- **TASK**
Give again, exactly as written, each line of the material below starting at the line that contains "by apply: commr_qcomm;" and ending at the line that contains "rewrite addnS -addSn". Both ends count, and no other line does.

- **INPUT MATERIAL**
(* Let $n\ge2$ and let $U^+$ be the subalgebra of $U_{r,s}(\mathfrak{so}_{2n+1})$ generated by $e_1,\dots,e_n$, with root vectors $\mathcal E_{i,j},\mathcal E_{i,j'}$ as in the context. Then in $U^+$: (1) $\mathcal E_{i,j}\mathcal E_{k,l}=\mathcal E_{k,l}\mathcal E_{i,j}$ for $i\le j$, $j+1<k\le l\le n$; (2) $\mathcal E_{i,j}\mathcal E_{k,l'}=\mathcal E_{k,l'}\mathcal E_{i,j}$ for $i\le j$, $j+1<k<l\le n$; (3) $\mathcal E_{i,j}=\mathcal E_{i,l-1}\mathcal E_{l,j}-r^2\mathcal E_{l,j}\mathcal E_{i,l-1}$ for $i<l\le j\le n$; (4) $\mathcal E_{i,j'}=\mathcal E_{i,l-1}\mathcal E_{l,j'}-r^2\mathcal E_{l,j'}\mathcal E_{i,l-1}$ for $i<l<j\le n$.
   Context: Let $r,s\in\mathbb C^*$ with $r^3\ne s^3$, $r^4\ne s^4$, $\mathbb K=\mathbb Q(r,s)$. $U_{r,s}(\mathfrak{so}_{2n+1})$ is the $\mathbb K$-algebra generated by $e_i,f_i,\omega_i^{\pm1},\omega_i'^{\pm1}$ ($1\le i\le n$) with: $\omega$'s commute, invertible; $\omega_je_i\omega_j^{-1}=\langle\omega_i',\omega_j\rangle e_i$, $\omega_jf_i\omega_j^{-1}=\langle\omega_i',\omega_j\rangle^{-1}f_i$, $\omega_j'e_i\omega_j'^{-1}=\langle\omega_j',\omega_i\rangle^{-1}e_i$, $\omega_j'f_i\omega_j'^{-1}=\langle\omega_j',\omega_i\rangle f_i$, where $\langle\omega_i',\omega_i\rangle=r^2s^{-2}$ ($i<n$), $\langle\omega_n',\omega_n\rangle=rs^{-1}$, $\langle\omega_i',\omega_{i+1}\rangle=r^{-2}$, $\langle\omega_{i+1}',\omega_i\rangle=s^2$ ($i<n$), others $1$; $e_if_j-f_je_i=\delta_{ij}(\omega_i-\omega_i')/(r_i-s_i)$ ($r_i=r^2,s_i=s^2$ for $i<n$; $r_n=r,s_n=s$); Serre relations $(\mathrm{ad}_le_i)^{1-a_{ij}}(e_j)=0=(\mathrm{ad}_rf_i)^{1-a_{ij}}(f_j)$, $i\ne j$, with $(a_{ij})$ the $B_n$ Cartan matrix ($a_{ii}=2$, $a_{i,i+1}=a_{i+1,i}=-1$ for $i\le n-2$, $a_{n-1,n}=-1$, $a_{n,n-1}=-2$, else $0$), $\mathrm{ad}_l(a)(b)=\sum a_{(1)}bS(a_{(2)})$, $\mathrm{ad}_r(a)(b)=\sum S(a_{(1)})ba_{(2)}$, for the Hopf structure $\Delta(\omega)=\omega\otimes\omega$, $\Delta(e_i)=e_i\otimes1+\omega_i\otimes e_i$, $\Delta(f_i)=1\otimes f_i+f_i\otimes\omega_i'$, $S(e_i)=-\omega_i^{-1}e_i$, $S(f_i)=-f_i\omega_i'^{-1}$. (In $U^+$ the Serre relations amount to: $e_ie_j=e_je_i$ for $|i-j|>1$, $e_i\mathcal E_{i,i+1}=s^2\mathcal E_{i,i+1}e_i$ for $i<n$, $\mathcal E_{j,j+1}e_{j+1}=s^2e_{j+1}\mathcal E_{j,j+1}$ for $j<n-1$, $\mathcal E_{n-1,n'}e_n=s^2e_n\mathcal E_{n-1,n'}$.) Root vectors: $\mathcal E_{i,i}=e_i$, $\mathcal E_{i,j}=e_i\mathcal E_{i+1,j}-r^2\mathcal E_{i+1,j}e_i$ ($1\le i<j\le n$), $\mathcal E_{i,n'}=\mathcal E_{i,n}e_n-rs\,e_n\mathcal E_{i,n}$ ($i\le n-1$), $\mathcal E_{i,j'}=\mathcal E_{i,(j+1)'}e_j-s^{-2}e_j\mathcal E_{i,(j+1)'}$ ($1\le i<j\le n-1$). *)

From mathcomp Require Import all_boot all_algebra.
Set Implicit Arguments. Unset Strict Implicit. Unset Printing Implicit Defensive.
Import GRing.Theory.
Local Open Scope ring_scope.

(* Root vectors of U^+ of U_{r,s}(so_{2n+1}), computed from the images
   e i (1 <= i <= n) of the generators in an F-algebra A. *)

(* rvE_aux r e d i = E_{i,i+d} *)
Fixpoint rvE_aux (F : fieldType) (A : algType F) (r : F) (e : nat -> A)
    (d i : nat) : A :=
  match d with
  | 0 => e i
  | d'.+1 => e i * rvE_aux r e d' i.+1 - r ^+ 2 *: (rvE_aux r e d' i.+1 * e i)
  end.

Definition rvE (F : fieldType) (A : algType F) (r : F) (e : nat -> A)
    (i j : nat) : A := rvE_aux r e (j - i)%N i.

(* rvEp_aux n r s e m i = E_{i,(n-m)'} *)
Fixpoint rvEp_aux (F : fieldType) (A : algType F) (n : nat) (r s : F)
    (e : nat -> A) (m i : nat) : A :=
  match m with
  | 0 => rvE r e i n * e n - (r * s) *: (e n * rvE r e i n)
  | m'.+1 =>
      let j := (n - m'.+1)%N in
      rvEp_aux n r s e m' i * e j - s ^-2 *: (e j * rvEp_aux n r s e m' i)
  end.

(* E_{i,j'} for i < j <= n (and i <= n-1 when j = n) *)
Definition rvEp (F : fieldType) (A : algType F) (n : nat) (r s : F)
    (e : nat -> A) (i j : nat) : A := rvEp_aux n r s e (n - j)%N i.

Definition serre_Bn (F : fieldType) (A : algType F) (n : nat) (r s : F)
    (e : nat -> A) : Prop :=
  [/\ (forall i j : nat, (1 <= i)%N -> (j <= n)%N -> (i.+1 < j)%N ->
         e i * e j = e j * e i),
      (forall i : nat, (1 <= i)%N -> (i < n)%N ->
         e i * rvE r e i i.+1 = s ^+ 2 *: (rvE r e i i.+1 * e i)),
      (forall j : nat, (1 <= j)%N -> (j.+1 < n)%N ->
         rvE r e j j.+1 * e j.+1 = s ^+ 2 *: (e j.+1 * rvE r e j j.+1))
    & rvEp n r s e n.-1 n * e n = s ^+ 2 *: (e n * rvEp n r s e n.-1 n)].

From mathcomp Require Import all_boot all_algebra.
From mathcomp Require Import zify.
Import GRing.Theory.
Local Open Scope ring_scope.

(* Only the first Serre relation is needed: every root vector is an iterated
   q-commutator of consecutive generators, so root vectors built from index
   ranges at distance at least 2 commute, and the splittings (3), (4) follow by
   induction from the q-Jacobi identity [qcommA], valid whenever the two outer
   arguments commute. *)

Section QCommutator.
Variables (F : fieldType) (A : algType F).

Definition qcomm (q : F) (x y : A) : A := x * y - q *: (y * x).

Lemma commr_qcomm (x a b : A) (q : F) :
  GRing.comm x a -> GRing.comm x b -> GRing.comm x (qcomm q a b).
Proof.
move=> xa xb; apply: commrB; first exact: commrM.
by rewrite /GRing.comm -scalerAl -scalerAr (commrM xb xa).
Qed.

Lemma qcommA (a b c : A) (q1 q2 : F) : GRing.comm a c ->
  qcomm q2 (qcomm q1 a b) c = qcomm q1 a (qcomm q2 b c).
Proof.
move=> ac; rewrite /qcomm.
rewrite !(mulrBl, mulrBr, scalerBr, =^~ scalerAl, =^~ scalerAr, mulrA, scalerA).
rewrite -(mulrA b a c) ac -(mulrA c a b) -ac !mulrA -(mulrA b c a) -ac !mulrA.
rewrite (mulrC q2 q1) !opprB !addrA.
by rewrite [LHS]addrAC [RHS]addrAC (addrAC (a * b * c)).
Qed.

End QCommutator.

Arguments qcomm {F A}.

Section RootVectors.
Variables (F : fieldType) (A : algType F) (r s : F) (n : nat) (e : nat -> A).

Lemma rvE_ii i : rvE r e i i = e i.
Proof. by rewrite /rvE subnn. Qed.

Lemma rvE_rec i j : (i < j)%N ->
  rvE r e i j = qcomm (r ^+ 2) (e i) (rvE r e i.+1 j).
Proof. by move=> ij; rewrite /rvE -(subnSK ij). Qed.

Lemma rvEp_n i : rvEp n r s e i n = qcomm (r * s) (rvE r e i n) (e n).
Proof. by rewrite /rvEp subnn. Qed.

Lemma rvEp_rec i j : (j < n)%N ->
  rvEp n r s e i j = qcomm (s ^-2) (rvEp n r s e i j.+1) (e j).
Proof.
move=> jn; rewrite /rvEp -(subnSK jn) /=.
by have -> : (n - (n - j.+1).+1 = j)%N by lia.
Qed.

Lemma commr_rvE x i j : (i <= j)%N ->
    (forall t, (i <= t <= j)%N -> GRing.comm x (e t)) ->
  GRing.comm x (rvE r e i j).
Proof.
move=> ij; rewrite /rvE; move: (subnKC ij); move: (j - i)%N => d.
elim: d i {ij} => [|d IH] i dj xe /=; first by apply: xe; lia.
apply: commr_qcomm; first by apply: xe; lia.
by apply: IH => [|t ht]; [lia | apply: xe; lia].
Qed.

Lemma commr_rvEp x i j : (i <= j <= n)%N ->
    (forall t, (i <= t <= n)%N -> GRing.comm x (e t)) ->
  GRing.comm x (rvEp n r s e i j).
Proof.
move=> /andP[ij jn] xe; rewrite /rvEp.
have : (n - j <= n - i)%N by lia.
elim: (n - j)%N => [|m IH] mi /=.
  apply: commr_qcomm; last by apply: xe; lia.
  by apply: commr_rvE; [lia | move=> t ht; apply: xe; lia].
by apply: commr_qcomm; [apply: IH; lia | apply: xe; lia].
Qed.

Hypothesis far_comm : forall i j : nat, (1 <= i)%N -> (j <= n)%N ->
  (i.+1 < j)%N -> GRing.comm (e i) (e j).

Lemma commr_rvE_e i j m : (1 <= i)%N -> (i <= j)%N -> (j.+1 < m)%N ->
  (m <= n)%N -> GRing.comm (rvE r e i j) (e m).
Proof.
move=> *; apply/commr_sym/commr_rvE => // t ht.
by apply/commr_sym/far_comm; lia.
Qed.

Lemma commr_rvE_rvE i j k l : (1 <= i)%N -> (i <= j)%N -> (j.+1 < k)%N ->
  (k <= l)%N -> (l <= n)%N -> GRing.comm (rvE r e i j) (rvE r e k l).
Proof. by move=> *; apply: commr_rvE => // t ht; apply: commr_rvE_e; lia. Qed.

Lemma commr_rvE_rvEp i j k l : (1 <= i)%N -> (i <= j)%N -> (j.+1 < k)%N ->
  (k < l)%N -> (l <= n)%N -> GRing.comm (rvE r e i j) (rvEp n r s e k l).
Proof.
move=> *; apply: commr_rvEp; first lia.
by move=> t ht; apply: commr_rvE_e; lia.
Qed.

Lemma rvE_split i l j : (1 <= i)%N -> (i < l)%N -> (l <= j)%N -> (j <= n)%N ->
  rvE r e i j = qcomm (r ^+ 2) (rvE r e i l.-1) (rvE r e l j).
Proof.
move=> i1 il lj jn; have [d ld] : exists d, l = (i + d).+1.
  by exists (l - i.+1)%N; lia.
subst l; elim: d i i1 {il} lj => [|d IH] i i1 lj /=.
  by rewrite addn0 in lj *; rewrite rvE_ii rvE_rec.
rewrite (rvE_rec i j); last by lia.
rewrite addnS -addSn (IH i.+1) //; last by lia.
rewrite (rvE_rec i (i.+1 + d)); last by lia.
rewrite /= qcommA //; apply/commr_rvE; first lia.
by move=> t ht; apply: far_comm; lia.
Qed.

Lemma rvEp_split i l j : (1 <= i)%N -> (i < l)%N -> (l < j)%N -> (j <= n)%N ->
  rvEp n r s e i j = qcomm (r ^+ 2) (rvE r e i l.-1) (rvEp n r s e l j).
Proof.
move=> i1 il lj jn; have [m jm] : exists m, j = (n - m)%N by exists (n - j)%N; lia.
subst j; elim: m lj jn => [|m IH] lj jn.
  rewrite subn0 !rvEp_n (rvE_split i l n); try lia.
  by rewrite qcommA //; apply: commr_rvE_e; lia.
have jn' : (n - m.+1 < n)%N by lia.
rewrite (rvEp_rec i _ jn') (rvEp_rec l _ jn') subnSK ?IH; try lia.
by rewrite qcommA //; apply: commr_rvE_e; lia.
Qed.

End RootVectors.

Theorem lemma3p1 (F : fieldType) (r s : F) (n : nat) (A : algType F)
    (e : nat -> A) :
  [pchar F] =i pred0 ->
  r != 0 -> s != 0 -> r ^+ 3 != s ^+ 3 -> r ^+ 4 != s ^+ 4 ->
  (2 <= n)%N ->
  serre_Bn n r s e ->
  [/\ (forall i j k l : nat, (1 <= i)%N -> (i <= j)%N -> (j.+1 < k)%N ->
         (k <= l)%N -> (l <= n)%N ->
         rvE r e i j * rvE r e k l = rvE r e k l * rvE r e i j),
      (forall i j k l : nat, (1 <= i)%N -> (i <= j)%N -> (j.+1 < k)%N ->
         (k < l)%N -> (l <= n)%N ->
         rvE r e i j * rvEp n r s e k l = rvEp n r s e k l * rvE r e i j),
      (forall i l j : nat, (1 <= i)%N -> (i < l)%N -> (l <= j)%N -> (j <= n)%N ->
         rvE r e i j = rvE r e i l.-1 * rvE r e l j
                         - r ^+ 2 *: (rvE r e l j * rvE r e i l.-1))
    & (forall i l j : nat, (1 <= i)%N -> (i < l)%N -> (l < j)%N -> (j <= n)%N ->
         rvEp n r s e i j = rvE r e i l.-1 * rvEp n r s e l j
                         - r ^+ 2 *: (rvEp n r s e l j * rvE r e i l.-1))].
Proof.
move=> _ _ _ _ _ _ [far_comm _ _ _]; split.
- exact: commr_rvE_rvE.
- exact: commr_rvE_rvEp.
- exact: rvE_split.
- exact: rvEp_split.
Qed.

- **RESPONSE TO THE TASK**
by apply: commr_qcomm; [apply: IH; lia | apply: xe; lia].
Qed.

Hypothesis far_comm : forall i j : nat, (1 <= i)%N -> (j <= n)%N ->
  (i.+1 < j)%N -> GRing.comm (e i) (e j).

Lemma commr_rvE_e i j m : (1 <= i)%N -> (i <= j)%N -> (j.+1 < m)%N ->
  (m <= n)%N -> GRing.comm (rvE r e i j) (e m).
Proof.
move=> *; apply/commr_sym/commr_rvE => // t ht.
by apply/commr_sym/far_comm; lia.
Qed.

Lemma commr_rvE_rvE i j k l : (1 <= i)%N -> (i <= j)%N -> (j.+1 < k)%N ->
  (k <= l)%N -> (l <= n)%N -> GRing.comm (rvE r e i j) (rvE r e k l).
Proof. by move=> *; apply: commr_rvE => // t ht; apply: commr_rvE_e; lia. Qed.

Lemma commr_rvE_rvEp i j k l : (1 <= i)%N -> (i <= j)%N -> (j.+1 < k)%N ->
  (k < l)%N -> (l <= n)%N -> GRing.comm (rvE r e i j) (rvEp n r s e k l).
Proof.
move=> *; apply: commr_rvEp; first lia.
by move=> t ht; apply: commr_rvE_e; lia.
Qed.

Lemma rvE_split i l j : (1 <= i)%N -> (i < l)%N -> (l <= j)%N -> (j <= n)%N ->
  rvE r e i j = qcomm (r ^+ 2) (rvE r e i l.-1) (rvE r e l j).
Proof.
move=> i1 il lj jn; have [d ld] : exists d, l = (i + d).+1.
  by exists (l - i.+1)%N; lia.
subst l; elim: d i i1 {il} lj => [|d IH] i i1 lj /=.
  by rewrite addn0 in lj *; rewrite rvE_ii rvE_rec.
rewrite (rvE_rec i j); last by lia.
rewrite addnS -addSn (IH i.+1) //; last by lia.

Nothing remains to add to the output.